There is a phrase that appears four times in a single chapter of Genesis — so many times that you cannot miss it, so quietly stated that you might almost read past it.

“The LORD was with Joseph.”

That is the thesis of this entire week. Not that Joseph was special — though he was. Not that Joseph was perfect — he wasn’t. Not that his life went smoothly once he had God’s favor. It very much did not.

Joseph was stripped of his coat, thrown into a pit, and sold to strangers by his own brothers. He was carried into Egypt as a slave. He served faithfully, built trust, and was then falsely accused by the very household he had protected. He was thrown into prison with no trial, no appeal, no one to speak for him. He interpreted a dream for a man who had promised to remember him — and was forgotten for two more years.

And through all of it, the text simply notes: the LORD was with him.

That is not the prosperity gospel. It is something much harder and much more beautiful. This is not a promise that God’s presence will spare you from hardship. It is a promise that God’s presence will accompany you through it. Isaiah wrote it centuries later: “When thou passest through the waters, I will be with thee.” Not around them. Through them.

This week we sit with that phrase and let it do its work.


What’s New at CFM Corner This Week ▶︎

Joseph’s story has a way of generating new connections every time you come back to it. This week the site has new content on several fronts.

Hebrew Lesson 10: The Little Letters That Change Everything

Our Hebrew journey has reached one of the most practical milestones yet. Lesson 10 introduces the inseparable prepositions, the conjunction, the definite article, and the direct object marker — the single-letter prefixes and particles that fuse directly onto Hebrew words and appear on virtually every line of the Old Testament.

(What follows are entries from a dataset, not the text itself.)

(* Let $K$ and $L$ be $n$-element finite sets, $M=K\times L$, and let $u=(u_{kl})$ be a unitary matrix indexed by $K\times L$ all of whose entries are nonzero. Then every eigenspace of the Berezin transform $I_u$ on $F(M)$ is invariant under pointwise complex conjugation $f\mapsto\bar f$. In particular, for any eigenvalue $\theta$ of $I_u$ of multiplicity $k$, the $\theta$-eigenspace, regarded as a real vector space, is the direct sum of the $k$-dimensional real vector space of real-valued $\theta$-eigenfunctions and the $k$-dimensional real vector space of purely imaginary $\theta$-eigenfunctions.
   Context: For a finite set $J$, $F(J)$ denotes the space of complex-valued functions on $J$. For $f=(f_{kl})\in F(M)$, $C_uf$ and $D_uf$ are the operators on $F(K)$ with matrices $x_{kk'}=\sum_{l\in L}u_{kl}f_{kl}\bar u_{k'l}$ and $y_{kk'}=\sum_{l\in L}u_{kl}f_{k'l}\bar u_{k'l}$ respectively; these maps $F(M)\to\operatorname{End}F(K)$ are linear bijections. The Berezin transform is $I_u:=C_u^{-1}D_u:F(M)\to F(M)$; explicitly $(I_uf)_{kl}=\sum_{k'\in K,l'\in L}\frac{u_{kl'}u_{k'l}}{u_{kl}u_{k'l'}}f_{k'l'}|u_{k'l'}|^2$. It is unitary with respect to $\langle f,g\rangle_u=\sum_{k,l}f_{kl}\bar g_{kl}|u_{kl}|^2$. *)

From HB Require Import structures.
From mathcomp Require Import all_boot all_order all_algebra.
Set Implicit Arguments. Unset Strict Implicit. Unset Printing Implicit Defensive.
Import Order.TTheory GRing.Theory Num.Theory.
Local Open Scope ring_scope.

(* Complex field: any numClosedFieldType C (e.g. complex R, algC); x^* is
   complex conjugation.  F(M) for M = K x L is {ffun K * L -> C^o}, a
   finite-dimensional C-vector space (vectType). *)
Notation Fun C K L := {ffun (K * L)%type -> (C^o)%type}.

Section Defs.
Variables (C : numClosedFieldType) (K L : finType).

Definition unitary (u : K -> L -> C) : Prop :=
  (forall k k' : K, \sum_(l : L) u k l * (u k' l)^* = (k == k')%:R) /\
  (forall l l' : L, \sum_(k : K) (u k l)^* * u k l' = (l == l')%:R).

Definition berezin (u : K -> L -> C) (f : Fun C K L) : Fun C K L :=
  [ffun kl : (K * L)%type =>
     \sum_(k' : K) \sum_(l' : L)
        (u kl.1 l' * u k' kl.2) / (u kl.1 kl.2 * u k' l')
        * f (k', l') * (u k' l' * (u k' l')^*)].

Definition conjf (f : Fun C K L) : Fun C K L := [ffun kl => (f kl)^*].

Definition real_valued (f : Fun C K L) : Prop := forall kl, (f kl)^* = f kl.
Definition imag_valued (f : Fun C K L) : Prop := forall kl, (f kl)^* = - f kl.

Definition berezin_eigenspace (u : K -> L -> C) (theta : C) : {vspace Fun C K L} :=
  lker (linfun (fun f : Fun C K L => berezin u f - theta *: f)).
(* For every $\lambda>0$ the spectral problem has a unique solution $(c(\lambda),Q_\lambda)$. The function $\lambda\mapsto c(\lambda)$ attains its minimum $c^*>0$ on $(0,\infty)$ at some $\lambda^*>0$; let $Q^*=Q_{\lambda^*}$. Moreover: (i) for every $\lambda>0$, $Q_\lambda$ is increasing on $\Theta$, and there is $\theta_0\in\overline\Theta$ with $-\lambda c(\lambda)+\lambda^2\theta_0+r=0$ such that $Q_\lambda$ is convex on $[\theta_{\min},\theta_0]$ and concave on $[\theta_0,\theta_{\max}]$; (ii) with $\langle\theta_\lambda\rangle=\int_\Theta\theta Q_\lambda(\theta)\,d\theta$, for all $\lambda>0$: $-\lambda c(\lambda)+\lambda^2\langle\theta_\lambda\rangle+r=0$ and $\langle\theta_\lambda\rangle>\frac{\theta_{\max}+\theta_{\min}}2$; (iii) with $\langle\theta^*\rangle=\langle\theta_{\lambda^*}\rangle$: $c^*>2\sqrt{r\langle\theta^*\rangle}$ and $c^*\ge\lambda^*(\theta_{\max}+\theta_{\min})$.
   Context: $\Theta=(\theta_{\min},\theta_{\max})$ with $0<\theta_{\min}<\theta_{\max}<\infty$; $\alpha>0$, $r>0$. Spectral problem for $\lambda>0$: find $c(\lambda)\in\mathbb R$ and $Q_\lambda\in C^2(\overline\Theta)$ with $\alpha Q_\lambda''+(-\lambda c(\lambda)+\theta\lambda^2+r)Q_\lambda=0$ on $\Theta$, $Q_\lambda'(\theta_{\min})=Q_\lambda'(\theta_{\max})=0$, $Q_\lambda>0$, $\int_\Theta Q_\lambda\,d\theta=1$. *)

From Stdlib Require Import Reals Lra.
Open Scope R_scope.

Definition cont_on_closed (f : R -> R) (a b : R) : Prop :=
  forall x, a <= x <= b -> limit1_in f (fun y => a <= y <= b) (f x) x.

(* f is C^2 on [a,b] with first and second derivatives f1, f2:
   f' = f1 and f1' = f2 on the open interval, and f, f1, f2 extend
   continuously to the closed interval (so f1 a, f1 b are the one-sided
   derivatives at the endpoints). *)
Definition C2_closed_with (f f1 f2 : R -> R) (a b : R) : Prop :=
  cont_on_closed f a b /\ cont_on_closed f1 a b /\ cont_on_closed f2 a b /\
  (forall x, a < x < b -> derivable_pt_lim f x (f1 x)) /\
  (forall x, a < x < b -> derivable_pt_lim f1 x (f2 x)).
Lemma SAE_kant_minimizer_exists :
  exists g, SAE_state lam_star g /\ kant_minimizer cN lam_star g.
Proof.
have cb_neqNy y : cost cN (symmetrize (dirac_cfg R y)) != -oo%E.
  exact/cost_neqNy/symmetrize_ge0/dirac_cfg_ge0.
have [w0 [w0_feas w0_card w0_min]] :=
  lp_min_small_support cb_neqNy (fun y => sum_empirical y N_gt0) lp_feasible_exists.
have [y0 _] : exists y0, w0 y0 != 0.
  apply: NNPP => no_y0; move: (lp_feasible_sum1 w0_feas); rewrite big1 => [/eqP|y _].
    by rewrite eq_sym oner_eq0.
  by apply/eqP/negPn/negP => w0y; apply: no_y0; exists y.
have [Y [alpha [alpha_ge0 alpha_rep]]] :=
  reindex_small_support y0 (proj1 w0_feas) w0_card.
have g0_comb : symmetrize [ffun y => w0 y] = sae_comb alpha Y.
  rewrite sae_combE; congr symmetrize; apply/ffunP => y; rewrite !ffunE.
  rewrite (alpha_rep (fun y' => (y' == y)%:R)).
  by under eq_bigr do rewrite mulrC eq_sym; rewrite sumr_delta.
exists (symmetrize [ffun y => w0 y]); split.
  apply/SAE_stateP; split; first by case: (lp_feasible_kant w0_feas).
  exists alpha, Y; split=> // a.
  by rewrite (alpha_rep (fun y => empirical y a)); case: w0_feas => _ ->.
split=> [|g' /kant_feasible_lp [g'_feas ->]]; first exact: lp_feasible_kant.
by rewrite cost_symmetrize_lp ?w0_min //; case: w0_feas.
Qed.

Lemma kant_minimizer_all_marginals g : kant_minimizer cN lam_star g -> sym_cost cN ->
  forall g', is_prob g' -> (forall k, marg k g' = lam_star) -> (cost cN g <= cost cN g')%E.
Proof.
move=> [_ g_min] cN_sym g' g'_prob g'_marg.
rewrite -(cost_symmetrize cN_neqNy cN_sym (proj1 g'_prob)); apply: g_min.
split; first exact: is_prob_symmetrize.
split; first exact: symmetrize_idem.
apply/ffunP => a; rewrite M1_symmetrize // sum_empirical_marg.
under eq_bigr do rewrite g'_marg.
by rewrite sumr_const card_ord -[lam_star a *+ N]mulr_natl mulKf // pnatr_eq0 -lt0n.
Qed.

Lemma kant_minimizer_cost_eq {g g'} :
  kant_minimizer cN lam_star g -> kant_minimizer cN lam_star g' -> cost cN g = cost cN g'.
Proof.
by move=> [g_feas g_min] [g'_feas g'_min]; apply: le_anti; rewrite g_min ?g'_min.
Qed.

End Kantorovich.

Lemma sume_regroup {R : realType} {I J : finType} (y : I -> J) (h : I -> I -> R)
    (G : J -> J -> \bar R) : (forall p q, 0 <= h p q) ->
  (\sum_p \sum_q (h p q)%:E * G (y p) (y q) =
   \sum_a \sum_b (\sum_(p | y p == a) \sum_(q | y q == b) h p q)%:E * G a b)%E.
Proof.
move=> h_ge0; rewrite (partition_big y xpredT) //; apply: eq_bigr => a _.
transitivity (\sum_(p | y p == a) \sum_q (h p q)%:E * G a (y q))%E.
  by apply: eq_bigr => p /eqP->.
under eq_bigr do rewrite (partition_big y xpredT) //=.
rewrite exchange_big; apply: eq_bigr => b _ /=.
rewrite EFin_sume_distrl => [|p _]; last exact: sumr_ge0.
apply: eq_bigr => p _; rewrite EFin_sume_distrl //.
by apply: eq_bigr => q /eqP->.
Qed.
Lemma Keval_beta0 n z1 z2 z3 b :
  Keval z1 z2 z3 (beta0 n b) =
  RtoC (/ INR (kappa n)) * Csum (fun k => Keval z1 z2 z3 (Tcl n) ^ k) (seq 0 (kappa n))
  * Keval z1 z2 z3 b.
Proof.
  rewrite (Keval_Klin _ _ _ (beta0 n b)), Klin_beta0.
  rewrite (Csum_ext _ (fun k => Keval z1 z2 z3 b * Keval z1 z2 z3 (Tcl n) ^ k))
    by (intros k _; rewrite <- Keval_Klin, Keval_iter_sigma; ring).
  rewrite (Csum_scal _ (fun k => Keval z1 z2 z3 (Tcl n) ^ k)); ring.
Qed.

Lemma chi_beta0 n j p b : In (j, p) (twisted n) -> chi n j p (beta0 n b) = 0.
Proof.
  intros Hjp; pose proof Hjp as Hspec; apply In_twisted in Hspec as [Hj Hp].
  unfold chi; rewrite Keval_beta0; fold (chi n j p (Tcl n)); rewrite chi_Tcl by assumption.
  rewrite Csum_pow_root_of_unity; [ring | | apply zeta_neq_1; lia].
  destruct (aw_divides_kappa n j Hj) as [m ->]; apply zeta_pow_multiple; lia.
Qed.

Definition untwisted (n : nat) (b : KC) : Prop :=
  forall j p, In (j, p) (twisted n) -> chi n j p b = 0.

Lemma untwisted_beta0 n b : untwisted n (beta0 n b).
Proof. intros j p; apply chi_beta0. Qed.

Lemma twisted_dual n j p : In (j, p) (twisted n) -> In (j, aw n j - p)%nat (twisted n).
Proof. rewrite !In_twisted; intros [Hj Hp]; split; [assumption | lia]. Qed.

Lemma Cexp_i_pi_half : Cexp (Ci * RtoC (PI * (1 / 2))) = Ci.
Proof.
  rewrite Cexp_Ci_mult; replace (PI * (1 / 2))%R with (PI / 2)%R by field.
  rewrite cos_PI2, sin_PI2; reflexivity.
Qed.

Lemma Cexp_minus_i_pi_half : Cexp (Ci * RtoC (PI * - (1 / 2))) = - Ci.
Proof.
  rewrite Cexp_Ci_mult; replace (PI * - (1 / 2))%R with (- (PI / 2))%R by field.
  rewrite cos_neg, sin_neg, cos_PI2, sin_PI2; apply injective_projections; simpl; ring.
Qed.
(* Let $q\ge1$, $d=2^q$. Let $V_{\{\mathrm A\}}=\mathrm{span}\{A_{\sigma,\tau}:\tau\in\boldsymbol{\sigma}_q,\sigma\in\boldsymbol{N}_\tau\}$, $V_{[\mathrm A]}=\mathrm{span}\{A_{\sigma,\tau}:\tau\in\boldsymbol{\sigma}_q,\sigma\in\boldsymbol{C}_\tau\}$, and $V_{\{\mathrm{adj}\}}=\mathrm{span}\{\frac{1}{\sqrt{2|\boldsymbol{N}_\tau|}}\sum_{\sigma\in\boldsymbol{N}_\tau}A_{\sigma,i\sigma\cdot\tau}:\tau\in\boldsymbol{\sigma}_q\}\subseteq V_{\{\mathrm A\}}$. Let $V^\perp_{\{\mathrm{adj}\}}$ be the orthogonal complement of $V_{\{\mathrm{adj}\}}$ in $V_{\{\mathrm A\}}$ (Hilbert–Schmidt inner product). Then the subrepresentations of $\varphi^{\otimes2}$ carried by $V_{[\mathrm A]}$ and by $V^\perp_{\{\mathrm{adj}\}}$ are equivalent.
   Context: $\mathcal{M}_d$ is the space of complex $d\times d$ matrices with inner product $\langle A,B\rangle=\mathrm{tr}(A^\dagger B)$ (extended to tensor products). $X,Y,Z$ are the single-qubit Pauli matrices; $\hat{\mathcal{P}}_q$ is the set of $q$-fold tensor products of elements of $\{\mathbb{1},X,Y,Z\}$. $\boldsymbol{\sigma}_q=\{P/\sqrt d:P\in\hat{\mathcal P}_q\setminus\{\mathbb 1\}\}$. The normalized product is $\sigma\cdot\tau=\sqrt d\,\sigma\tau$; for anticommuting $\sigma,\tau\in\boldsymbol\sigma_q$, $i\sigma\cdot\tau$ is $\pm$ an element of $\boldsymbol\sigma_q$. For $\tau\in\boldsymbol{\sigma}_q$: $\boldsymbol{N}_\tau=\{\sigma\in\boldsymbol{\sigma}_q:\sigma\tau+\tau\sigma=0\}$, $\boldsymbol{C}_\tau=\{\sigma\in\boldsymbol{\sigma}_q\setminus\{\tau\}:\sigma\tau=\tau\sigma\}$. $A_{\sigma,\rho}=\frac1{\sqrt2}(\sigma\otimes\rho-\rho\otimes\sigma)$ (bilinear). The Pauli group $\mathcal{P}_q\subset U(2^q)$ consists of all $q$-fold tensor products of elements of the group generated by $X,Z,i\mathbb 1_2$; the Clifford group is $\mathcal{C}_q=\{U\in U(2^q):U\mathcal{P}_qU^\dagger\subseteq\mathcal{P}_q\}/U(1)$. The two-copy representation on $\mathcal{M}_d^{\otimes2}$ is $\varphi^{\otimes2}(C)(A\otimes B)=(CAC^\dagger)\otimes(CBC^\dagger)$, extended linearly; the spaces above are invariant under it. *)

From HB Require Import structures.
From mathcomp Require Import all_boot all_order all_algebra.
From mathcomp Require Import complex mxtens.
Set Implicit Arguments. Unset Strict Implicit. Unset Printing Implicit Defensive.
Import Order.TTheory GRing.Theory Num.Theory.
Local Open Scope ring_scope.
Local Open Scope complex_scope.

Section Defs.
Variable R : rcfType.
Local Notation C := R[i].

Definition adj {m n} (A : 'M[C]_(m, n)) : 'M[C]_(n, m) := (map_mx conjc A)^T.

(* single-qubit Paulis: 0 -> 1, 1 -> X, 2 -> Y, 3 -> Z *)
Definition pauli1 (a : 'I_4) : 'M[C]_2 :=
  \matrix_(i < 2, j < 2)
    match nat_of_ord a with
    | 0 => if i == j then 1 else 0
    | 1 => if i == j then 0 else 1
    | 2 => if i == j then 0 else (if val i == 0%N then - 'i else 'i)
    | _ => if i == j then (if val i == 0%N then 1 else -1) else 0
    end.

Fixpoint pstr (s : seq 'I_4) : 'M[C]_(2 ^ size s) :=
  match s return 'M[C]_(2 ^ size s) with
  | [::] => 1%:M
  | a :: s' => castmx (esym (expnS 2 (size s')), esym (expnS 2 (size s')))
                      (pauli1 a *t pstr s')
  end.

Variable q : nat.
Local Notation d := (2 ^ q)%N.

Definition pauli (s : q.-tuple 'I_4) : 'M[C]_d :=
  castmx (congr1 (expn 2) (size_tuple s), congr1 (expn 2) (size_tuple s)) (pstr s).

Definition nonid (s : q.-tuple 'I_4) : bool := ~~ all (pred1 ord0) s.

Definition nsig (s : q.-tuple 'I_4) : 'M[C]_d := (sqrtC (d%:R : C))^-1 *: pauli s.

(* normalized product sigma . tau = sqrt d sigma tau *)
Definition ndot (A B : 'M[C]_d) : 'M[C]_d := sqrtC (d%:R : C) *: (A *m B).

Definition Nset (t : q.-tuple 'I_4) : {set q.-tuple 'I_4} :=
  [set s | nonid s & nsig s *m nsig t + nsig t *m nsig s == 0].

Definition Cset (t : q.-tuple 'I_4) : {set q.-tuple 'I_4} :=
  [set s | [&& nonid s, s != t & nsig s *m nsig t == nsig t *m nsig s]].

(* A_{sigma,rho} = (sigma (x) rho - rho (x) sigma)/sqrt 2 in M_d (x) M_d = M_{d*d} *)
Definition Amx (A B : 'M[C]_d) : 'M[C]_(d * d) :=
  (sqrtC (2%:R : C))^-1 *: (A *t B - B *t A).

Definition inspan (I : finType) (P : pred I) (g : I -> 'M[C]_(d * d))
  (X : 'M[C]_(d * d)) : bool :=
  (mxvec X <= \sum_(i | P i) <<mxvec (g i)>>)%MS.

Definition inVA (X : 'M[C]_(d * d)) : bool :=
  inspan (fun p : q.-tuple 'I_4 * q.-tuple 'I_4 => nonid p.2 && (p.1 \in Nset p.2))
         (fun p => Amx (nsig p.1) (nsig p.2)) X.

Definition inVcA (X : 'M[C]_(d * d)) : bool :=
  inspan (fun p : q.-tuple 'I_4 * q.-tuple 'I_4 => nonid p.2 && (p.1 \in Cset p.2))
         (fun p => Amx (nsig p.1) (nsig p.2)) X.
(* In the cone setting of the context, for each $\ell\in\mathcal C'_{\mathbb C}$ we have $\|\ell\|'\le\sqrt2\,|\ell(e)|$, where $\|\ell\|'=\sup_{\|h\|\le1}|\ell(h)|$ is the dual norm on $\mathcal B'_{\mathbb C}$.
   Context: Cone setting. $V$ is a real topological vector space, $\mathcal S\subset V'$ a set of linear functionals such that $\ell(x)=0$ for all $\ell\in\mathcal S$ implies $x=0$, $C_{\mathbb R}=\{h\in V\setminus\{0\}:\ell(h)\ge0\ \forall\ell\in\mathcal S\}$, and $e\in C_{\mathbb R}$ is such that for every $h\in V$ some $\lambda\ge0$ has $\lambda e-h\in C_{\mathbb R}$. Norm $\|h\|=\inf\{\lambda\ge0:\ell(\lambda e\pm h)\ge0\ \forall\ell\in\mathcal S\}$; $\mathcal B_{\mathbb R}$ the completion of $V$; $\mathcal C_{\mathbb R}=\{h\in\mathcal B_{\mathbb R}\setminus\{0\}:\ell(h)\ge0\ \forall\ell\in\mathcal S\}$. $\mathcal S_*$ is the weak-$*$ closure of the convex hull of $\{\lambda\ell:\lambda>0,\ell\in\mathcal S\}$, and there exist $m\in\mathcal S_*$, $\kappa\in(0,1)$ with $m(e)=1$ and $m(h)\ge\kappa\|h\|$ on $\mathcal C_{\mathbb R}$. $\mathcal B_{\mathbb C}$ is the complexification of $\mathcal B_{\mathbb R}$ (elements $x+iy$, norm $\sup_\theta(\|\Re(e^{i\theta}(x+iy))\|^2+\|\Im(e^{i\theta}(x+iy))\|^2)^{1/2}$), real functionals extended complex-linearly. $\mathcal C_{\mathbb C}=\{z(x+iy):z\in\mathbb C\setminus\{0\},x,y\in\mathcal C_{\mathbb R}\}$ and $\mathcal C'_{\mathbb C}=\{\ell\in\mathcal B'_{\mathbb C}:\ell(h)\ne0\ \forall h\in\mathcal C_{\mathbb C}\}$. *)

From HB Require Import structures.
From mathcomp Require Import all_boot all_order all_algebra.
From mathcomp Require Import all_classical all_reals all_analysis.
From mathcomp Require Import complex.
Set Implicit Arguments. Unset Strict Implicit. Unset Printing Implicit Defensive.
Import Order.TTheory GRing.Theory Num.Theory.
Local Open Scope classical_set_scope.
Local Open Scope ring_scope.

Definition rlinear (R : realType) (V : lmodType R) (l : V -> R) : Prop :=
  forall (a : R) (x y : V), l (a *: x + y) = a * l x + l y.

Definition in_dual (R : realType) (V : topologicalLmodType R) (l : V -> R) : Prop :=
  rlinear l /\ continuous (l : V -> R^o).

Definition separating (R : realType) (V : lmodType R) (S : set (V -> R)) : Prop :=
  forall x : V, (forall l, S l -> l x = 0) -> x = 0.

Definition coneV (R : realType) (V : lmodType R) (S : set (V -> R)) : set V :=
  [set h | h <> 0 /\ forall l, S l -> 0 <= l h].

Definition order_unit (R : realType) (V : lmodType R) (S : set (V -> R)) (e : V) : Prop :=
  coneV S e /\ forall h : V, exists lam : R, 0 <= lam /\ coneV S (lam *: e - h).

Definition gauge (R : realType) (V : lmodType R) (S : set (V -> R)) (e : V) (h : V) : R :=
  inf [set lam : R | 0 <= lam /\
         forall l, S l -> 0 <= l (lam *: e + h) /\ 0 <= l (lam *: e - h)].

Definition is_completion (R : realType) (V : lmodType R) (S : set (V -> R)) (e : V)
    (B : completeNormedModType R) (iota : V -> B) : Prop :=
  [/\ forall (a : R) (x y : V), iota (a *: x + y) = a *: iota x + iota y,
      forall h : V, `|iota h| = gauge S e h
    & dense (range iota)].

Definition extends (R : realType) (V : lmodType R) (B : normedModType R)
    (iota : V -> B) (l : V -> R) (L : B -> R) : Prop :=
  continuous (L : B -> R^o) /\ forall h : V, L (iota h) = l h.

Definition coneB (R : realType) (V : lmodType R) (S : set (V -> R))
    (B : normedModType R) (iota : V -> B) : set B :=
  [set h | h <> 0 /\ forall l L, S l -> extends iota l L -> 0 <= L h].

What makes this lesson different is the approach: we explore each letter through its ancient pictographic form and use those images as memory aids for what each prefix does. The lesson includes a transparency section about this method — the Jewish tradition of finding meaning in letter forms reaches back to Psalm 119 itself (the longest chapter in the Bible, structured as a 22-letter acrostic), through the Babylonian Talmud (Shabbat 104a, 5th–6th century CE) and the mystical Otiyot de-Rabbi Akiva (7th–9th century CE). But modern grammarians do not connect the ancient pictographs to grammatical function. The pictographic connections in these lessons are personal mnemonics, not scholarly conclusions. The lesson explains why that distinction matters, why arbitrarily interpreting words through symbols alone — apart from context, grammar, and the broader literary framework — can lead to misunderstandings, and how the grammar itself, sourced from academically accredited references, should remain our foundation.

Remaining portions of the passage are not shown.